News Release

NIH grant expands UIC brain bank into citywide effort to study epilepsy, brain cancer

Grant and Award Announcement

University of Illinois Chicago

A new virtual brain bank spanning five Chicago academic medical centers and led by University of Illinois Chicago will create a powerful new resource for clinical care and research on epilepsy, brain tumors and neurological disorders. 

A $5 million grant from the National Institutes of Health will create a network of brain tissue research at UIC, Northwestern University, Lurie Children’s Hospital, Rush University and University of Chicago. The institutions will utilize a data platform developed at UIC called INTUITION that combines tissue data with clinical, functional, genetic and 3D imaging information to assist clinicians treating patients and help researchers better understand the mechanisms of brain disorders.

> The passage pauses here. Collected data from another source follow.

Lemma sqnorm_const_mx1 : sqnorm (const_mx 1) = d%:R.
Proof.
by rewrite /sqnorm /dotv (eq_bigr (fun=> 1)) ?sumr_const ?card_ord // => k _; rewrite mxE mulr1.
Qed.

Lemma sqnorm_ge0 v : 0 <= sqnorm v.
Proof. by apply: sumr_ge0 => k _; rewrite -expr2 sqr_ge0. Qed.

Lemma sqnorm_eq0 v : sqnorm v = 0 -> v = 0.
Proof.
move=> v0; apply/rowP => k; rewrite mxE; apply/eqP; rewrite -sqrf_eq0 expr2.
by apply/eqP/(psumr_eq0P _ v0) => // l _; rewrite -expr2 sqr_ge0.
Qed.

Lemma sqnormD u v : sqnorm (u + v) = sqnorm u + sqnorm v + dotv u v *+ 2.
Proof. by rewrite /sqnorm !dotvDl ![dotv _ (u + v)]dotvC !dotvDl [dotv v u]dotvC; ring. Qed.

Lemma dotvNr u v : dotv u (- v) = - dotv u v.
Proof. by rewrite dotvC dotvNl dotvC. Qed.

Lemma sqnormB u v : sqnorm (u - v) = sqnorm u + sqnorm v - dotv u v *+ 2.
Proof. by rewrite sqnormD /sqnorm dotvNl !dotvNr opprK mulNrn. Qed.

Lemma sqnormZ a v : sqnorm (a *: v) = a ^+ 2 * sqnorm v.
Proof. by rewrite /sqnorm dotvZl dotvC dotvZl mulrA expr2. Qed.

End DotProduct.

Definition unit_sums (R : realDomainType) d m (x : 'I_m -> 'rV[R]_d) :=
  forall i j, i != j -> sqnorm (x i + x j) = 1.

Lemma eucl_norm_eq1 (R : rcfType) d (v : 'rV[R]_d) :
  eucl_norm v = 1 <-> sqnorm v = 1.
Proof.
have -> : eucl_norm v = Num.sqrt (sqnorm v).
  by congr Num.sqrt; apply: eq_bigr => k _; rewrite expr2.
split => [e|->]; last exact: sqrtr1.
by apply/eqP; rewrite -(eqr_sqrt (sqnorm_ge0 v) ler01) e sqrtr1.
Qed.

Section LiftForm.
Variable R : numFieldType.

Definition lift_form2 : 'M[R]_2 :=
  \matrix_(k, l) if (k == ord0) || (l == ord0) then (k != l)%:R else -1.

Definition lift_form2_inv : 'M[R]_2 :=
  \matrix_(k, l) ((k == ord0) || (l == ord0))%:R.

Lemma lift_form2K : lift_form2 *m lift_form2_inv = 1%:M.
Proof.
apply/matrixP => k l; rewrite !mxE !big_ord_recl big_ord0 !mxE.
by case: k => [[|[|k]] Hk] //=; case: l => [[|[|l]] Hl] //=; ring.
Qed.

(* The form (u, s, r) . (u', s', r') = 2 <u, u'> + s r' + r s' - r r', so that
   the lifted vectors (x_i, a_i, 1) pair to 2 <x_i, x_j> + a_i + a_j - 1. *)
Definition lift_form d : 'M[R]_(d + 2) := block_mx 2%:M 0 0 lift_form2.

Lemma lift_form_unit d : lift_form d \in unitmx.
Proof.
have [form2_unit _] := mulmx1_unit lift_form2K.
rewrite unitmxE det_ublock det_scalar unitrM -unitmxE form2_unit andbT.
by rewrite unitrX // unitfE pnatr_eq0.
Qed.

End LiftForm.
Arguments lift_form {R} d.

Lemma mulmx_tr_diag_invK (F : fieldType) n (A L : 'M[F]_n) (c : 'I_n -> F) :
  (forall i, c i != 0) -> A *m L *m A^T = diag_mx (\row_i c i) ->
  A^T *m diag_mx (\row_i (c i)^-1) *m A *m L = 1%:M.
Proof.
move=> c_neq0 ALA; set D := diag_mx _.
have CD : diag_mx (\row_i c i) *m D = 1%:M.
  rewrite mulmx_diag -diag_const_mx; congr diag_mx.
  by apply/rowP => k; rewrite !mxE divff.
have /mulmx1C : A *m (L *m A^T *m D) = 1%:M by rewrite !mulmxA ALA CD.
by rewrite -!mulmxA => /mulmx1C; rewrite !mulmxA.
Qed.

Lemma eq0_of_sums_lift (R : numDomainType) n (t : 'I_n.+2 -> R) :
  (forall j : 'I_n.+2, \sum_(i < n.+1) t (lift j i) = 0) -> forall j, t j = 0.
Proof.
move=> t_lift; have sum_t j : \sum_i t i = t j.
  by rewrite (bigD1_ord j) //= t_lift addr0.
suff sum_t0 : \sum_i t i = 0 by move=> j; rewrite -sum_t.
have : \sum_(j < n.+2) \sum_i t i = \sum_i t i by apply: eq_bigr => j _; exact: sum_t.
rewrite sumr_const card_ord mulrS -[RHS]addr0 => /addrI /eqP.
by rewrite mulrn_eq0 => /eqP.
Qed.

Section UnitSums.
Variables (R : realFieldType) (d m : nat) (x : 'I_m -> 'rV[R]_d).
Hypothesis x_sums : unit_sums x.

Definition defect i := sqnorm (x i) *+ 4 - 1.

Lemma dotv_unit_sums i j : i != j ->
  dotv (x i) (x j) *+ 2 = 1 - sqnorm (x i) - sqnorm (x j).
Proof. by move=> /x_sums; rewrite sqnormD => e; lra. Qed.

Lemma sqnormB_unit_sums i j : i != j -> sqnorm (x i - x j) *+ 2 = defect i + defect j.
Proof. by move=> /dotv_unit_sums e; rewrite sqnormB /defect; lra. Qed.

Lemma defect_eq0_of_eq i j : i != j -> x i = x j -> defect i = 0.
Proof. by move=> /dotv_unit_sums; rewrite /defect => e xij; rewrite -xij -/(sqnorm _) in e; lra. Qed.

Lemma unit_sums_inj : (forall i j, defect i = 0 -> defect j = 0 -> i = j) ->
  injective x.
Proof.
move=> defect_uniq i j xij; have [// | ij] := eqVneq i j.
apply: defect_uniq; first exact: defect_eq0_of_eq ij xij.
by apply: (defect_eq0_of_eq (j := i)); rewrite // eq_sym.
Qed.

Definition lift_mx : 'M[R]_(m, d + 2) :=
  row_mx (\matrix_(i, k) x i 0 k)
         (\matrix_(i, k) if k == ord0 then sqnorm (x i) else 1).
Lemma Cinv_cis a : / cis a = cis (- a).
Proof.
replace (cis (- a)) with (cis (- a) * cis a * / cis a) by (field; apply cis_neq0).
rewrite cis_add, Rplus_opp_l, cis_0; ring.
Qed.

Lemma cpowZ_cis a j : cpowZ (cis a) j = cis (IZR j * a).
Proof.
unfold cpowZ; destruct (Z.leb_spec 0 j).
- rewrite pow_n_cis, INR_IZR_INZ, Z2Nat.id by lia; reflexivity.
- rewrite pow_n_cis, Cinv_cis, INR_IZR_INZ, Z2Nat.id, opp_IZR by lia; f_equal; ring.
Qed.

Lemma cis_2PI_mult j : cis (IZR j * (2 * PI)) = 1.
Proof.
unfold cis; destruct (Z.leb_spec 0 j).
- replace (IZR j * (2 * PI))%R with (0 + 2 * INR (Z.to_nat j) * PI)%R
    by (rewrite INR_IZR_INZ, Z2Nat.id by lia; ring).
  now rewrite cos_period, sin_period, cos_0, sin_0.
- replace (IZR j * (2 * PI))%R with (- (0 + 2 * INR (Z.to_nat (- j)) * PI))%R
    by (rewrite INR_IZR_INZ, Z2Nat.id, opp_IZR by lia; ring).
  rewrite cos_neg, sin_neg, cos_period, sin_period, cos_0, sin_0, Ropp_0; reflexivity.
Qed.

Lemma cis_add_2PI a : cis (a + 2 * PI) = cis a.
Proof.
rewrite <- cis_add, <- (Rmult_1_l (2 * PI)), (cis_2PI_mult 1); ring.
Qed.

Lemma cis_neq1 x : (0 < x < 2 * PI)%R -> cis x <> 1.
Proof.
intros Hx H.
assert (Hcos : cos x = 1%R) by (apply (f_equal fst) in H; exact H).
assert (Hsin : (0 < sin (x / 2))%R) by (apply sin_gt_0; lra).
replace x with (2 * (x / 2))%R in Hcos by field.
rewrite cos_2a_sin in Hcos; nra.
Qed.

Lemma zsum_cis_geom x L :
  (cis x - 1) * zsum 0 L (fun k => cis (IZR k * x)) = cis (INR L * x) - 1.
Proof.
induction L as [|L IH]; simpl zsum.
- rewrite Rmult_0_l, cis_0; ring.
- rewrite Cmult_plus_distr_l, IH, <- INR_IZR_INZ, S_INR.
  replace ((INR L + 1) * x)%R with (x + INR L * x)%R by ring.
  rewrite <- cis_add; ring.
Qed.

Lemma zsum_roots_of_unity N j : (0 < Z.abs j < Z.of_nat N)%Z ->
  zsum 0 N (fun k => cis (IZR k * (2 * PI * IZR j / INR N))) = 0.
Proof.
intros Hj.
set (x := (2 * PI * IZR j / INR N)%R).
assert (HN : (0 < INR N)%R) by (apply lt_0_INR; lia).
assert (HxN : (x * INR N = 2 * PI * IZR j)%R) by (unfold x; field; lra).
assert (HjN : (- INR N < IZR j < INR N)%R).
{ rewrite INR_IZR_INZ, <- opp_IZR; split; apply IZR_lt; lia. }
pose proof PI_RGT_0 as HPI.
assert (Hx1 : cis x <> 1).
{ destruct (Z.leb_spec 0 j) as [Hj0 | Hj0].
  - assert (Hj0' : (0 < IZR j)%R) by (apply IZR_lt; lia).
    apply cis_neq1; split; nra.
  - assert (Hj0' : (IZR j < 0)%R) by (apply IZR_lt; lia).
    rewrite <- cis_add_2PI; apply cis_neq1; split; nra. }
assert (Hgeom := zsum_cis_geom x N).
replace (INR N * x)%R with (IZR j * (2 * PI))%R in Hgeom by lra.
rewrite cis_2PI_mult in Hgeom.
set (S := zsum _ _ _) in *.
replace S with (/ (cis x - 1) * ((cis x - 1) * S)) by (field; now apply Cminus_eq_contra).
rewrite Hgeom; ring.
Qed.

End UnitCircle.

Section CircleTransform.

Local Open Scope C_scope.

Definition ztrT (p : nat) (u : seqC) (th : R) : C :=
  zsum (- Z.of_nat p) (S (2 * p)) (fun tau => u tau * cis (- IZR tau * th)).

Lemma ztr_cis p u th : ztr p u (cis th) = ztrT p u th.
Proof.
unfold ztr, ztrT; rewrite sumZ_zsum; apply zsum_ext; intros t _.
now rewrite cpowZ_cis, opp_IZR.
Qed.

Lemma ztrT_widen p q u th : finsupp p u -> (p <= q)%nat -> ztrT q u th = ztrT p u th.
Proof.
intros Hu Hpq; unfold ztrT; apply zsum_narrow; try lia.
intros t _ Ht; rewrite Hu by lia; ring.
Qed.

Lemma ztrT_plus p u v th :
  ztrT p (fun t => u t + v t) th = ztrT p u th + ztrT p v th.
Proof. unfold ztrT; rewrite <- zsum_plus; apply zsum_ext; intros; ring. Qed.

Lemma ztrT_minus p u v th :
  ztrT p (fun t => u t - v t) th = ztrT p u th - ztrT p v th.
Proof. unfold ztrT; rewrite <- zsum_minus; apply zsum_ext; intros; ring. Qed.

Lemma conv_finsupp p q u v : finsupp p u -> finsupp q v -> finsupp (p + q) (conv p u v).
Proof.
intros Hu Hv t Ht; unfold conv; rewrite sumZ_zsum; apply zsum_eq0; intros tau Htau.
rewrite Hv by lia; ring.
Qed.

Lemma ztrT_conv p q u v th : finsupp p u -> finsupp q v ->
  ztrT (p + q) (conv p u v) th = ztrT p u th * ztrT q v th.
Proof.
intros Hu Hv; unfold ztrT at 1, conv.
set (g := fun t => v t * cis (- IZR t * th)).
set (c := fun tau => u tau * cis (- IZR tau * th)).
transitivity (zsum (- Z.of_nat (p + q)) (S (2 * (p + q)))
  (fun t => zsum (- Z.of_nat p) (S (2 * p)) (fun tau => c tau * g (t - tau)%Z))).
{ apply zsum_ext; intros t _; rewrite sumZ_zsum, <- zsum_mulr.
  apply zsum_ext; intros tau _; unfold c, g.
  replace (cis (- IZR t * th)) with (cis (- IZR tau * th) * cis (- IZR (t - tau) * th))
    by (rewrite cis_add, minus_IZR; f_equal; ring).
  ring. }
change (ztrT p u th) with (zsum (- Z.of_nat p) (S (2 * p)) c).
rewrite zsum_exchange, <- zsum_mulr.
apply zsum_ext; intros tau Htau.
rewrite zsum_mull, zsum_shift; f_equal.
apply zsum_narrow; try lia.
intros t _ Ht; unfold g; rewrite Hv by lia; ring.
Qed.

Lemma Cmod_ztr_le_supT p u th : (Cmod (ztr p u (cis th)) <= supT p u)%R.
Proof.
(* [supT] takes [real] of a [Lub_Rbar], which would be the junk value 0 for an unbounded set;
   the l1 norm of u bounds it. *)
set (B := sum_n (fun j => Cmod (u (Z.of_nat j - Z.of_nat p)%Z)) (2 * p)).
assert (HB : forall th', (Cmod (ztr p u (cis th')) <= B)%R).
{ intros th'; unfold ztr, sumZ; rewrite Cmod_norm.
  refine (Rle_trans _ _ _ (norm_sum_n_m _ 0 (2 * p)) _); apply sum_n_m_le; intros j.
  now rewrite <- Cmod_norm, Cmod_mult, cpowZ_cis, Cmod_cis, Rmult_1_r; apply Rle_refl. }
unfold supT.
set (SS := fun r => exists th', r = Cmod (ztr p u (cis th'))).
destruct (Lub_Rbar_correct SS) as [Hub Hlub].
assert (Hle := Hub _ (ex_intro _ th eq_refl)).
assert (Hge : Rbar_le (Lub_Rbar SS) B) by (apply Hlub; intros x [th' ->]; apply HB).
destruct (Lub_Rbar SS); simpl in *; tauto.
Qed.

Expanding the INTUITION platform and standardizing brain tissue collection and analysis across the five medical centers will unlock even more opportunities for discovery, said Dr. Jeffrey Loeb, the John S. Garvin Endowed Chair in Neurology at UIC, professor and head of neurology and rehabilitation in the College of Medicine and lead investigator on the project. 

“The goal is to turn big data into new therapeutics and biomarkers,” said Loeb, who is also co-director of the biomedical informatics core at the Center for Clinical and Translational Science. “The INTUITION platform is really a way that we can disseminate what we’ve done here at UIC to a larger population of researchers across the city of Chicago.” 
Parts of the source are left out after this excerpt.